Aria: Memory of a Bilingual Childhood, Richard Rodriguez – 1980


While this had good writing, even some distinctive turns of phrase, this is the only essay in either list that is here purely because of its content. It both reveals things I’d not thought of – what it is like to be the child of ESL parents, and how being an immigrant and second language speaker changes who you are, and the attention to the sounds of language – as well making a novel (to me) argument about how to educate the children of immigrants (with which many, of course, will disagree).

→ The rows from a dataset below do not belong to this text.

(* Let $G$ be a finite group with irreducible complex characters $\psi_1,\dots,\psi_k$ of dimensions $n_i=\psi_i(1)$. Consider the problem of minimizing, over $(\alpha_1,\dots,\alpha_k)\in\mathbb{R}^k$, the quantity $$\Big\|\sum_{i=1}^k\frac{\alpha_i}{n_i^2}\mathrm{Re}(\psi_i)\Big\|_1$$ subject to the constraints $\sum_{i=1}^k\alpha_in_i=|G|$, $\alpha_i\ge0$ for $i=1,\dots,k$, and $\sum_{i=1}^k\alpha_i\mathrm{Re}(\psi_i(g))\ge0$ for all $g\in G$. Then $(\alpha_1,\dots,\alpha_k)=(n_1,\dots,n_k)$, i.e. the regular character $n_1\psi_1+\cdots+n_k\psi_k$, is a solution of this constrained minimization problem.
   Context: For a complex-valued function $f$ on $G$, its $L_1$ norm is $\|f\|_1=\sum_{g\in G}|\mathrm{Re}(f(g))|$. *)

From HB Require Import structures.
From mathcomp Require Import all_boot all_order all_algebra all_fingroup all_solvable all_field all_character.
Unset Printing Implicit Defensive.
Import Order.TTheory GRing.Theory Num.Theory.
Local Open Scope ring_scope.

Definition L1norm {gT : finGroupType} (G : {group gT}) (f : gT -> algC) : algC :=
  \sum_(g in G) `|'Re (f g)|.

Definition cdim {gT : finGroupType} (G : {group gT}) (i : Iirr G) : algC :=
  'chi[G]_i 1%g.

Definition weighted_fun {gT : finGroupType} (G : {group gT})
    (alpha : Iirr G -> algC) (g : gT) : algC :=
  \sum_(i : Iirr G) alpha i / (cdim G i) ^+ 2 * 'Re ('chi[G]_i g).

Definition objective {gT : finGroupType} (G : {group gT})
    (alpha : Iirr G -> algC) : algC :=
  L1norm G (weighted_fun G alpha).

(* feasibility: alpha real nonnegative (alpha_i >= 0 in algC forces real),
   sum alpha_i n_i = |G|, and sum alpha_i Re(psi_i(g)) >= 0 for all g in G *)
Definition feasible {gT : finGroupType} (G : {group gT})
    (alpha : Iirr G -> algC) : Prop :=
  [/\ \sum_(i : Iirr G) alpha i * cdim G i = #|G|%:R,
      forall i, 0 <= alpha i &
      forall g, g \in G -> 0 <= \sum_(i : Iirr G) alpha i * 'Re ('chi[G]_i g)].

From HB Require Import structures.
From mathcomp Require Import all_boot all_order all_algebra all_fingroup all_solvable all_field all_character.
Import Order.TTheory GRing.Theory Num.Theory.
Local Open Scope ring_scope.

(* Column orthogonality gives sum_(g in G) psi_i(g) = |G| [psi_i = 1], so
   summing a combination sum_i c_i Re psi_i(g) over G leaves c_1 |G|, where
   psi_1 is the trivial character ('chi_0 here).  For a feasible alpha the
   summed constraint is at least its term at g = 1, which is |G|; hence
   alpha_1 >= 1, and the objective, which dominates the sum of the weighted
   function, is at least alpha_1 |G| >= |G|.  For alpha = n the weighted
   function is sum_i Re psi_i(g) / psi_i(1), which is nonnegative: after
   multiplication by |G| it is the sum over x in G of the nonnegative
   class-algebra structure constants a(x^G, x^-1^G; g^G), each rescaled by a
   positive rational.  So the L1 norm of that function is its sum, |G|. *)

Section IrrColumnSums.

Context {gT : finGroupType} {G : {group gT}}.

Lemma irr1_real (i : Iirr G) : 'chi[G]_i 1%g \is Num.real.
Proof. exact/ger0_real/ltW/irr1_gt0. Qed.

Lemma sum_irr (i : Iirr G) : \sum_(g in G) 'chi[G]_i g = #|G|%:R * (i == 0)%:R.
Proof.
rewrite -cfdot_irr cfdotE mulrA mulfV ?neq0CG // mul1r.
by apply: eq_bigr => g Gg; rewrite irr0 cfun1E Gg conjC1 mulr1.
Qed.

Lemma sum_Re_irr (i : Iirr G) :
  \sum_(g in G) 'Re ('chi[G]_i g) = #|G|%:R * (i == 0)%:R.
Proof.
by rewrite -raddf_sum sum_irr; apply/Creal_ReP; rewrite -natrM realn.
Qed.

Lemma sum_Re_irr_lincomb (c : Iirr G -> algC) :
  \sum_(g in G) \sum_i c i * 'Re ('chi[G]_i g) = c 0 * #|G|%:R.
Proof.
rewrite exchange_big (bigD1 0) //= [X in _ + X]big1 => [|i /negPf i_neq0].
  by rewrite -mulr_sumr sum_Re_irr eqxx mulr1 addr0.
by rewrite -mulr_sumr sum_Re_irr i_neq0 !mulr0.
Qed.

Lemma sum_irr_irrV (i : Iirr G) :
  \sum_(x in G) 'chi[G]_i x * 'chi[G]_i x^-1%g = #|G|%:R.
Proof.
have := cfnorm_irr i; rewrite cfdotE => /(congr1 (fun z => #|G|%:R * z)).
rewrite mulrA mulfV ?neq0CG // mul1r mulr1 => <-.
by apply: eq_bigr => x _; rewrite irr_inv.
Qed.

(* Isaacs, Problem (3.7). *)
Lemma class_coef_sum_ge0 (x g : gT) : x \in G -> g \in G ->
  0 <= \sum_i 'chi[G]_i x * 'chi[G]_i x^-1%g * ('chi[G]_i g)^* / 'chi[G]_i 1%g.
Proof.
move=> Gx Gg; have GxV : x^-1%g \in G by rewrite groupV.
pose class_of y := enum_rank_in (classes1 G) (y ^: G)%g.
have class_ofE y : y \in G -> enum_val (class_of y) = (y ^: G)%g.
  by move=> Gy; rewrite enum_rankK_in ?mem_classes.
have in_class_of y : y \in G -> y \in enum_val (class_of y).
  by move=> Gy; rewrite class_ofE ?class_refl.
have := gring_classM_coef_sum_eq (in_class_of x Gx) (in_class_of _ GxV)
  (in_class_of g Gg) => /= coefE.
have scale_gt0 : 0 < (#|enum_val (class_of x)| *
    #|enum_val (class_of x^-1%g)|)%:R / #|G|%:R :> algC.
  rewrite divr_gt0 ?gt0CG // ltr0n muln_gt0.
  by apply/andP; split; apply/card_gt0P; [exists x | exists x^-1%g];
     apply: in_class_of.
by rewrite -(pmulr_rge0 _ scale_gt0) -coefE ler0n.
Qed.

Lemma sum_conj_irr_div_irr1_ge0 (g : gT) : g \in G ->
  0 <= \sum_i ('chi[G]_i g)^* / 'chi[G]_i 1%g.
Proof.
move=> Gg; rewrite -(pmulr_rge0 _ (gt0CG G)).
have -> : #|G|%:R * \sum_i ('chi[G]_i g)^* / 'chi[G]_i 1%g =
    \sum_(x in G) \sum_i
      'chi[G]_i x * 'chi[G]_i x^-1%g * ('chi[G]_i g)^* / 'chi[G]_i 1%g.
  rewrite exchange_big mulr_sumr; apply: eq_bigr => i _.
  by rewrite -!mulr_suml sum_irr_irrV mulrA.
by apply: sumr_ge0 => x Gx; apply: class_coef_sum_ge0.
Qed.

Lemma sum_Re_irr_div_irr1_ge0 (g : gT) : g \in G ->
  0 <= \sum_i 'Re ('chi[G]_i g) / 'chi[G]_i 1%g.
Proof.
move=> /sum_conj_irr_div_irr1_ge0 sum_ge0.
have -> : \sum_i 'Re ('chi[G]_i g) / 'chi[G]_i 1%g =
    'Re (\sum_i ('chi[G]_i g)^* / 'chi[G]_i 1%g).
  rewrite raddf_sum /=; apply: eq_bigr => i _.
  by rewrite ReMr ?Re_conj // rpredV irr1_real.
by move/ger0_real/Creal_ReP: (sum_ge0) => ->.
Qed.

End IrrColumnSums.

Section L1norm.

Context {gT : finGroupType} {G : {group gT}}.

Lemma L1norm_ge_Re_sum (f : gT -> algC) : 'Re (\sum_(g in G) f g) <= L1norm G f.
Proof.
by rewrite raddf_sum; apply: ler_sum => g _; apply/real_ler_norm/Creal_Re.
Qed.

Lemma L1norm_ge0_fun (f : gT -> algC) : {in G, forall g, 0 <= f g} ->
  L1norm G f = \sum_(g in G) f g.
Proof.
move=> f_ge0; apply: eq_bigr => g Gg.
by move/ger0_real/Creal_ReP: (f_ge0 g Gg) => ->; apply/ger0_norm/f_ge0.
Qed.

End L1norm.

Section Objective.

Context {gT : finGroupType} {G : {group gT}}.

Lemma sum_weighted_fun (alpha : Iirr G -> algC) :
  \sum_(g in G) weighted_fun G alpha g = alpha 0 * #|G|%:R.
Proof.
rewrite (sum_Re_irr_lincomb (fun i => alpha i / cdim G i ^+ 2)).
by rewrite /cdim irr0 cfun1E group1 expr1n divr1.
Qed.

Lemma weighted_fun_cdim (g : gT) :
  weighted_fun G (cdim G) g = \sum_i 'Re ('chi[G]_i g) / 'chi[G]_i 1%g.
Proof.
apply: eq_bigr => i _; rewrite /cdim expr2 invfM mulrA mulfV ?irr1_neq0 //.
by rewrite mul1r mulrC.
Qed.

Lemma objective_cdim : objective G (cdim G) = #|G|%:R.
Proof.
rewrite /objective L1norm_ge0_fun ?sum_weighted_fun => [|g Gg].
  by rewrite /cdim irr0 cfun1E group1 mul1r.
by rewrite weighted_fun_cdim sum_Re_irr_div_irr1_ge0.
Qed.

Lemma objective_ge (alpha : Iirr G -> algC) : alpha 0 \is Num.real ->
  alpha 0 * #|G|%:R <= objective G alpha.
Proof.
move=> alpha0_real; apply: le_trans (L1norm_ge_Re_sum _).
rewrite sum_weighted_fun.
by have /Creal_ReP -> : alpha 0 * #|G|%:R \is Num.real by rewrite rpredM ?realn.
Qed.

Lemma feasible_cdim : feasible G (cdim G).
Proof.
split=> [|i|g Gg]; first by rewrite -irr_sum_square; apply: eq_bigr => i _.
  exact/ltW/irr1_gt0.
have -> : \sum_i cdim G i * 'Re ('chi[G]_i g) = 'Re (cfReg G g).
  rewrite cfReg_sum sum_cfunE raddf_sum /=; apply: eq_bigr => i _.
  by rewrite cfunE ReMl ?irr1_real.
have Reg_ge0 : 0 <= cfReg G g by rewrite cfRegE mulrn_wge0.
by move/ger0_real/Creal_ReP: (Reg_ge0) => ->.
Qed.

Lemma feasible_irr0_ge1 (alpha : Iirr G -> algC) :
  feasible G alpha -> 1 <= alpha 0.
Proof.
case=> sum_cdim _ constraint_ge0.
rewrite -(ler_pMl _ (gt0CG G)) -sum_Re_irr_lincomb (bigD1 1%g) ?group1 //=.
have -> : \sum_i alpha i * 'Re ('chi[G]_i 1%g) = #|G|%:R.
  rewrite -sum_cdim; apply: eq_bigr => i _.
  by congr (_ * _); apply/Creal_ReP/irr1_real.
by rewrite lerDl sumr_ge0 // => g /andP[Gg _]; apply: constraint_ge0.
Qed.

End Objective.

Theorem corollary2 (gT : finGroupType) (G : {group gT}) :
  feasible G (cdim G) /\
  (forall alpha : Iirr G -> algC, feasible G alpha ->
     objective G (cdim G) <= objective G alpha).
Proof.
split=> [|alpha feas]; first exact: feasible_cdim.
have alpha0_ge1 : 1 <= alpha 0 by apply: feasible_irr0_ge1.
have alpha0_real : alpha 0 \is Num.real by apply/ger0_real/(le_trans ler01).
rewrite objective_cdim; apply: le_trans (objective_ge _ alpha0_real).
by rewrite ler_pMl ?gt0CG.
Qed.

“At the age of six, well past the time when most middle-class children no longer notice the difference between sounds uttered at home and words spoken in public, I had a different experience. I lived in a world compounded of sounds. I was a child longer than most. I lived in a magical world, surrounded by sounds both pleasing and fearful. I shared with my family a language enchantingly private – different from that used in the city around us.

—Richard Rodriguez, 1980

The Solace of Open Spaces, Gretel Ehrlich, 1981

Excellent writing, of a type I find very difficult. The opening sentence does a superb job of setting the tone and telling you a lot about the author: “It’s May and I’ve just awakened from a nap, curled against sagebrush the way my dog taught me to sleep sheltered from wind.”  The essay reflects on the landscape and people of Wyoming from a period of several years spent on a sheep ranch, in the wake of (unmentioned in the essay) the death of a loved one. Beautiful descriptions. Its argument, such as it is, is encapsulated in the title: space brings solace.

“Wyoming seems to be the doing of a mad architect – tumbled and twisted, ribboned with faded deathbed colors, thrust up and pulled down as if the place had been startled out of a deep sleep and thrown into pure light.”